Everybody has a valid point IMO. Though I agree with Morrus that it is not "unfair". There are no rules against lower prices and sales.

Perhaps the best "comprimise" solution would be in fact two Side by side top lists. One by Quantity Sold, One by Quality.

Using Enworlds (or someone elses) reviews or grading or whatever, is a good basis for ranking the quality top list, though you'd need a larger staff of reviewers. At least 10 or 15 for it to be accurate.

It would be very intresting for customers to be able to compare lists. "Wow, this product is #1 on the sellers list! I wonder why its #49 on the quality list...hrm..."

This gives customers a lot to think about, and more information to use in deciding purchases.

It may not be the most practical idea due to the layout of the RPGnow site.

I dunno, maybe all of the above is worthless and i'm talkin out my arse with stupid ideas.

Its just an opinion. Cheers.
 

Morrus said:
Well, James, top lists are never going to help the customer, whatever form they come in. The best solution would be a top list based soley on quality, and having nothing at all to do with quantity.

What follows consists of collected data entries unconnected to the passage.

(* Let $k\ge 2$ be an integer and let $d_1\ge d_2\ge\cdots\ge d_k\ge 2$ be integers. If $r\le d_1+k-2$, then for all sufficiently large $n$, $$ex\Big(n,K_r,\bigcup_{i=1}^k S_{d_i}\Big)\le \max\left\{\max_{1\le i\le k}\left\{\Big(\binom{d_i+i-1}{r}-\binom{i-1}{r}\Big)\Big\lceil\frac{n-i+1}{d_i}\Big\rceil+\binom{i-1}{r},\ \frac{d_i-1}{r-i+1}(n-i+1)\right\},\ \max_{1\le c<k-1}\left\{\frac{\max\big\{\binom{d_c+c}{r-1},\,d_c+c\big\}}{r-c}(n-c)\right\}\right\}.$$
   Context: $S_\ell$ denotes the star $K_{1,\ell}$ with $\ell$ edges, and $\bigcup_{i=1}^k S_{d_i}$ denotes the star forest that is the vertex-disjoint union of $S_{d_1},\dots,S_{d_k}$. For graphs $H$ and $F$, the generalized Turán number $ex(n,H,F)$ is the maximum number of copies of $H$ in an $n$-vertex graph containing no copy of $F$ as a subgraph; $K_r$ is the complete graph on $r$ vertices. Binomial coefficients $\binom{a}{b}$ with $a<b$ are $0$. *)

From HB Require Import structures.
From mathcomp Require Import all_boot all_order all_algebra.
Set Implicit Arguments. Unset Strict Implicit. Unset Printing Implicit Defensive.
Import Order.TTheory GRing.Theory Num.Theory.

Definition simple_graph (n : nat) (g : {ffun 'I_n * 'I_n -> bool}) : bool :=
  [forall x, ~~ g (x, x)] && [forall x, forall y, g (x, y) == g (y, x)].

Definition contains_copy (n : nat) (g : {ffun 'I_n * 'I_n -> bool})
  (W : finType) (F : rel W) : bool :=
  [exists f : {ffun W -> 'I_n},
     injectiveb f && [forall x, forall y, F x y ==> g (f x, f y)]].

Definition num_Kr (n : nat) (g : {ffun 'I_n * 'I_n -> bool}) (r : nat) : nat :=
  #|[set S : {set 'I_n} | (#|S| == r) &&
       [forall x in S, forall y in S, (x != y) ==> g (x, y)]]|.

Definition ex_Kr (n r : nat) (W : finType) (F : rel W) : nat :=
  \max_(g : {ffun 'I_n * 'I_n -> bool} | simple_graph g && ~~ contains_copy g F)
     num_Kr g r.

(* The star forest S_{d 1} u ... u S_{d k}: star number i (i : 'I_k stands
   for the star index i+1) has vertices 0 (the centre) and 1..d(i+1)
   (the leaves). *)
Definition sf_vertex (k : nat) (d : nat -> nat) : finType :=
  {i : 'I_k & 'I_(d i.+1).+1}.

Definition star_forest (k : nat) (d : nat -> nat) : rel (sf_vertex k d) :=
  fun u v => (tag u == tag v) &&
             ((val (tagged u) == 0%N) != (val (tagged v) == 0%N)).

From HB Require Import structures.
From mathcomp Require Import all_boot all_order all_algebra.
From mathcomp Require Import zify ring lra.
From Stdlib Require Import Classical.
Import Order.TTheory GRing.Theory Num.Theory.
Set Implicit Arguments. Unset Strict Implicit. Unset Printing Implicit Defensive.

Tell ya what - why don't you do away with the top lists altogether and send all your customers over to my review pages. ;)


You might have something there... I recently integrated RPG.NET reviews into RPGShop... I'm sure we can do something simular with ENWorld reveiws. If you have a php function (url) that I can call passing a product title and have it return matches with links, I'll integrate it in under the onsite comments.

I still have to get a link up to your pdf site too. Just still don't know where it would fit best. Maybe the new front page is a good place for that. But I fear it being abused...

James
 

Only counting the sales of non-sale items seems like a reasonable solution.

To those that are peeved about being knocked off the toplists....big whoop. If you can't maintain sales without being on the toplist, then maybe you don't have a viable product on your hands.

Print publishers don't demand that all game shops put their products on the front window and by the register. In other segments, like groceries, producers *pay* for shelf space so they can be placed in the most prized and profitable spots.
 

Morrus said:
No it's not. What you suggest is, essentially, penalising anyone who has a successful marketing strategy, which is exactly what this is.

I gotta say that, while this sale, its aims and its strategy has nothing to do with RPGNow's top lists (that's just a nice little side-effect), on principle I think I'd be pretty upset if one of the goal posts were moved just because someone was doing well. Nothing to stop those complaining doing exactly the same thing.
This is absolutely correct. And RPGNow already penalizes its most successful vendors by charging more money for Gold service members who sell more books. This is completely backward. Those who generate more revenue should be rewarded, not penalized.